Шрифт:
– Оп-па, – изумился Женька. – Тот самый, что хранится у нас наверху?
– Его, – кивнул Оскар. – Правда, хранится – не совсем точное определение. Скорее, он там живет. А если совсем точно, то спит. Я, кажется, уже говорил, что наш звездолет – больше живое существо, нежели машина. Когда-нибудь я расскажу вам его историю, если хотите. Она удивительна.
– Обязательно расскажете, – сказал Мартин. – Так, значит, этим сведениям двести семьдесят восемь лет?
– Да. Но они постоянно уточняются. В той мере, насколько это позволяет сделать расшифровка информационного поля Лекты.
– Хорошо.

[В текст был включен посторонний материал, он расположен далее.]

(* Every $LS$-sequence of points $(\xi_{L,S}^n)_{n\in\mathbb{N}}$ does not have Poissonian pair correlations.
   Context: $\|x\|$ denotes the distance from $x$ to the nearest integer. A sequence $(x_n)_{n\in\mathbb{N}}$ in $[0,1)$ has Poissonian pair correlations if for every $s \geq 0$, $F_N(s) := \frac{1}{N}\#\{1 \leq l \neq m \leq N : \|x_l - x_m\| \leq s/N\} \to 2s$ as $N\to\infty$. $LS$-sequences: Let $L\in\mathbb{N}$, $S\in\mathbb{N}_0$ with $L+S\ge 2$, and let $\beta\in(0,1)$ be the solution of $L\beta+S\beta^2=1$. Let $\rho_{L,S}$ be the partition of $[0,1)$ into $L+S$ consecutive intervals, the first $L$ of length $\beta$ and the following $S$ of length $\beta^2$. For a partition $\pi$ of $[0,1)$, its $\rho$-refinement $\rho\pi$ is obtained by subdividing every interval of maximal length of $\pi$ positively homothetically to $\rho$. The $LS$-sequence of partitions is $(\rho_{L,S}^n\pi)_{n\in\mathbb{N}}$ with $\pi=\{[0,1)\}$; the partition $\rho_{L,S}^n\pi$ consists of $t_n$ intervals, of which $l_n$ have the maximal length $\beta^n$ (the rest have length $\beta^{n+1}$). The $LS$-sequence of points is defined as follows: $\Lambda^1_{L,S}$ is the list of the $t_1$ left endpoints of $\rho_{L,S}\pi$ ordered by magnitude. Given $\Lambda^n_{L,S}=\{\xi^1_{L,S},\ldots,\xi^{t_n}_{L,S}\}$ (ordered), the ordered list $\Lambda^{n+1}_{L,S}$ is $\xi^1,\ldots,\xi^{t_n}$, followed by $\psi^{n+1}_{1,0}(\xi^1),\ldots,\psi^{n+1}_{1,0}(\xi^{l_n}),\ldots,\psi^{n+1}_{L,0}(\xi^1),\ldots,\psi^{n+1}_{L,0}(\xi^{l_n})$, followed by $\psi^{n+1}_{L,1}(\xi^1),\ldots,\psi^{n+1}_{L,1}(\xi^{l_n}),\ldots,\psi^{n+1}_{L,S-1}(\xi^1),\ldots,\psi^{n+1}_{L,S-1}(\xi^{l_n})$, where $\psi^n_{i,j}(x)=x+i\beta^n+j\beta^{n+1}$. The $LS$-sequence of points $(\xi^n_{L,S})_{n\in\mathbb{N}}$ is the sequence whose first $t_n$ terms are $\Lambda^n_{L,S}$ for every $n$. (For $S=0$, $L=b$ one obtains the van der Corput sequence in base $b$.) *)

From Stdlib Require Import Reals List Arith Lia Lra.
Import ListNotations.
Open Scope R_scope.

Definition dist_int (x : R) : R := Rmin (frac_part x) (1 - frac_part x).

(* F_N(s) = (1/N) #{ (l,m) in [1..N]^2 : l <> m, ||x_l - x_m|| <= s/N },
   with the sequence indexed from 0 here (x 0 is the first term). *)
Definition pair_count (x : nat -> R) (N : nat) (s : R) : nat :=
  length (filter
    (fun p : nat * nat =>
       if Nat.eq_dec (fst p) (snd p) then false
       else if Rle_dec (dist_int (x (fst p) - x (snd p))) (s / INR N)
            then true else false)
    (list_prod (seq 0 N) (seq 0 N))).

Definition F_pc (x : nat -> R) (N : nat) (s : R) : R :=
  INR (pair_count x N s) / INR N.

Definition poissonian_pair_correlations (x : nat -> R) : Prop :=
  forall s : R, 0 <= s -> Un_cv (fun N => F_pc x N s) (2 * s).

(* (t_n, l_n): number of intervals of rho^n pi and number of those of
   maximal length; t_0 = l_0 = 1 (pi = {[0,1)}). *)
Fixpoint ls_tl (L S : nat) (n : nat) : nat * nat :=
  match n with
  | O => (1%nat, 1%nat)
  | Datatypes.S n' =>
      let '(t, l) := ls_tl L S n' in
      (t + (L + S - 1) * l, (L - 1) * l + t)%nat
  end.

Definition ls_t L S n := fst (ls_tl L S n).
Definition ls_l L S n := snd (ls_tl L S n).

(* the k-th new translation (k = 1 .. L+S-1) at stage m:
   psi^m_{k,0} for k < L, and psi^m_{L,k-L} for L <= k. *)
Definition ls_shift (L : nat) (beta : R) (m k : nat) : R :=
  if Nat.ltb k L then INR k * beta ^ m
  else INR L * beta ^ m + INR (k - L) * beta ^ (m + 1).

(* Lambda^n as an ordered list; Lambda^0 = [0], and Lambda^1 is then the
   list of left endpoints of rho_{L,S} pi ordered by magnitude. *)
Fixpoint ls_Lambda (L S : nat) (beta : R) (n : nat) : list R :=
  match n with
  | O => [0]
  | Datatypes.S n' =>
      let prev := ls_Lambda L S beta n' in
      let firsts := firstn (ls_l L S n') prev in
      prev ++ flat_map (fun k => map (fun x => x + ls_shift L beta n k) firsts)
                       (seq 1 (L + S - 1))
  end.

(* The LS-sequence of points: the k-th term (0-indexed) is the k-th entry
   of Lambda^k (which has t_k >= k+1 entries; the Lambda^n are nested). *)
Definition ls_seq (L S : nat) (beta : R) (k : nat) : R :=
  nth k (ls_Lambda L S beta k) 0.

From Stdlib Require Import Reals List Arith Lia Lra Classical.
Import ListNotations.
Open Scope R_scope.

(* The first [t_n] points of an LS-sequence are the left endpoints of the [t_n]
   intervals of the partition [rho^n pi], which are pairwise disjoint, lie in
   [[0,1)] and have length at least [beta^(n+1)]; so any two of these points are
   at distance at least [beta^(n+1)] on the circle.  The [l_n] long and
   [t_n - l_n] short intervals tile [[0,1)], whence [t_n beta^n >= 1].  For
   [s = beta/2] the window [s/t_n] is therefore smaller than every gap, so
   [F_(t_n)(s) = 0] for all [n], whereas Poissonian pair correlations would force
   [F_N(s) -> beta]. *)

Lemma in_firstn {A} n (l : list A) x : In x (firstn n l) -> In x l.
Proof. intros Hx. rewrite <- (firstn_skipn n l). apply in_or_app. now left. Qed.

Lemma NoDup_firstn {A} n (l : list A) : NoDup l -> NoDup (firstn n l).
Proof.
  intros Hl. rewrite <- (firstn_skipn n l) in Hl. exact (NoDup_app_remove_r _ _ Hl).
Qed.

Lemma list_prod_app {A B} (ks ks' : list A) (l : list B) :
  list_prod (ks ++ ks') l = list_prod ks l ++ list_prod ks' l.
Proof.
  induction ks as [|k ks IH]; [reflexivity|]. cbn. now rewrite IH, app_assoc.
Qed.

Lemma NoDup_list_prod {A B} (ks : list A) (l : list B) :
  NoDup ks -> NoDup l -> NoDup (list_prod ks l).
Proof.
  intros Hks Hl. induction Hks as [|k ks Hk Hks IH]; cbn; [constructor|].
  apply NoDup_app; [|exact IH|].
  - apply NoDup_map_NoDup_ForallPairs; [|exact Hl].
    intros x y _ _ E. now injection E.
  - intros p Hp Hp'. apply in_map_iff in Hp as (x & <- & _).
    apply in_prod_iff in Hp' as [Hk' _]. contradiction.
Qed.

Как вы считаете, Оскар, Брашен подходит для наших целей?
– Вполне. Как и почти любой другой крупный город на любом из трех материков. Но если вам особо симпатичны раши, то десантируйтесь к Брашену. Тем более что совсем рядом с ним, примерно в двенадцати километрах к юго-востоку, есть выход канала Внезеркалья. А с учетом того, что город за эти века подрос, то, возможно, нынче от него до городских стен километров десять.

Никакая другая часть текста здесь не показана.